After a killer session with my coach, Red at The M3 Blog, I’m moving forward with clarity—the crystal clear type.
While this seems anything other than obvious, it continues to amaze me. As a coach myself, it’s easy to see in others what they cannot, or will not (resist), see in themselves. It’s easy because I’m on the outside looking in. I’m not emotionally attached. I don’t have my preconceived beliefs (aka programming) directing the path of thought.
A great coach:
- Meets me at my point of origin (Point O).
- Asks me where I want to go and then listens to my answer.
- Points out that a flash light is not as good a navigational tool as a compass. (All while I insist I’ve only been trying to stay in the light.)
- Leads me through the brush showing me how to wield a machete.
- Stands with me overlooking the edge.
- Resolutely and gently conveys it is time to leap.
- Assures me I am equipped with the necessary apparatus.
- Silently and triumphantly holds the space while I contemplate my ability (aka listen to my inner critic).
- Reminds me it is time to go. My thinking (ego) will not serve me now. If I have made a sound decision there is no going back. I will never get to my point of destination (Point D) doing anything less. (And, this is the least of my journey, although I do not yet know it.)
- Nudges me to depart … knowing I will be equally disappointed if I do not leap.
My ego tells me I’ve got it under control. My results show me I’ve only gained to the degree that I have learned and implemented. (The Law of Cause and Effect #5, Sober Identity)
My conclusion: If I haven’t achieved it and I desire to achieve it, there’s room for advancement in my thinking.
I can’t get the new answers with my current thinking/tools. No matter how much light my flashlight sheds, it is not capable of functioning as a compass, machete, moral support and/or map.
My initial thinking/tool has yielded my current status. It produced what it was designed to produce—light. It will not get me to the cliff. No matter how much I plead. I cannot yield a new outcome without investing myself in something other than what I have already called forth. I must call forth something new AND I must act upon this new information (The Law of Action #3, Sober Identity).
When I turned on my flash light all I desired was light.

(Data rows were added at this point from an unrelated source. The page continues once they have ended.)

(* Let $r$ and $k$ be positive integers with $r+k\equiv 1\pmod 2$ and $k\le r$, let $H$ be the complete graph with $V(H)=[r+k]$, and let $\mathbf{E}=(E_0,E_1,E_2)$ be an ordered partition of $E(H)$. If $|E_1|+2|E_2|<\min\left\{3(r+k-1),\ \frac18(r+k+3)(r+k+5)\right\}$, then $H$ has an almost perfect matching which is also a good matching for $\mathbf{E}$.
   Context: $[m]=\{1,\dots,m\}$. An ordered partition $(E_0,E_1,E_2)$ of a set is a triple of pairwise disjoint (possibly empty) sets with that union. A matching $M$ is a good matching for $\mathbf{E}$ if $M\cap E_2=\emptyset$ and $|M\cap E_1|\le1$. An almost perfect matching of $H$ is a matching covering all but exactly one vertex of $H$. *)

From mathcomp Require Import all_boot.
Set Implicit Arguments. Unset Strict Implicit. Unset Printing Implicit Defensive.

Definition complete_edges (T : finType) : {set {set T}} :=
  [set e : {set T} | #|e| == 2].

Definition ordered_partition3 (T : finType) (X E0 E1 E2 : {set T}) : Prop :=
  [/\ [disjoint E0 & E1], [disjoint E0 & E2], [disjoint E1 & E2]
    & E0 :|: E1 :|: E2 = X].

Definition is_matching (T : finType) (M : {set {set T}}) : Prop :=
  M \subset complete_edges T /\
  (forall e f, e \in M -> f \in M -> e != f -> [disjoint e & f]).

Definition covered (T : finType) (M : {set {set T}}) : {set T} :=
  \bigcup_(e in M) e.

Definition almost_perfect_matching (T : finType) (M : {set {set T}}) : Prop :=
  is_matching M /\ #|~: covered M| = 1.

Definition good_matching (T : finType) (E0 E1 E2 M : {set {set T}}) : Prop :=
  M :&: E2 = set0 /\ #|M :&: E1| <= 1.

From mathcomp Require Import all_boot zify.
Set Implicit Arguments. Unset Strict Implicit. Unset Printing Implicit Defensive.

(* Weigh each edge by [e \in E1] + 2 [e \in E2], so that the hypothesis bounds the
   total weight w(V) of the complete graph on V.  By induction on |V|, a good matching
   that is perfect (|V| even) or almost perfect (|V| odd) is built by removing an edge of
   weight at most 1 and recursing on the remaining set; the edge is chosen at a vertex of
   maximum weighted degree, and double counting the degree sum shows that the remaining
   set still has small weight.  Even sets use the bounds w(V) + 2 <= |V| (matching inside
   E0) and w(V) + 3 <= 2|V| (at most one E1-edge).  For odd V, either deleting a vertex of
   maximum degree leaves an even set of the second kind, or three vertices without
   E0-neighbours carry weight at least 3(|V| - 3) + 3 and one edge among them has weight
   1, or an E0-edge at a heaviest vertex having an E0-neighbour can be removed. *)

Definition weight_bound (n w : nat) : bool :=
  (w < 3 * (n - 1)) && (8 * w < (n + 3) * (n + 5)).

Now, I desire to fly and I’m pissed (at the Universe and myself) that I keep walking in circles with my flashlight. I want to soar. I feel like crying. I cry.
When I am done crying I look at my session notes. I have been taught, now I will implement.
I make the phone call … anyway.
I compose the email … anyway.
I order the software … anyway.
I learn the coding … anyway.
I begin to see new tasks add up.
I list and prioritize the tasks into a doable and achievable schedule.
I follow the schedule.
I’m not scared anymore.
I think I can actually do this.
In one swift week I went from a three to a ten. I don’t know how long I’ll be here. But while I’m here I think I’ll enjoy the double digits.
On that note Christy (aka RoS) I’m going for a run. Thanks for keeping me pumped and moving. Need some inspiration? She’s got some to spare.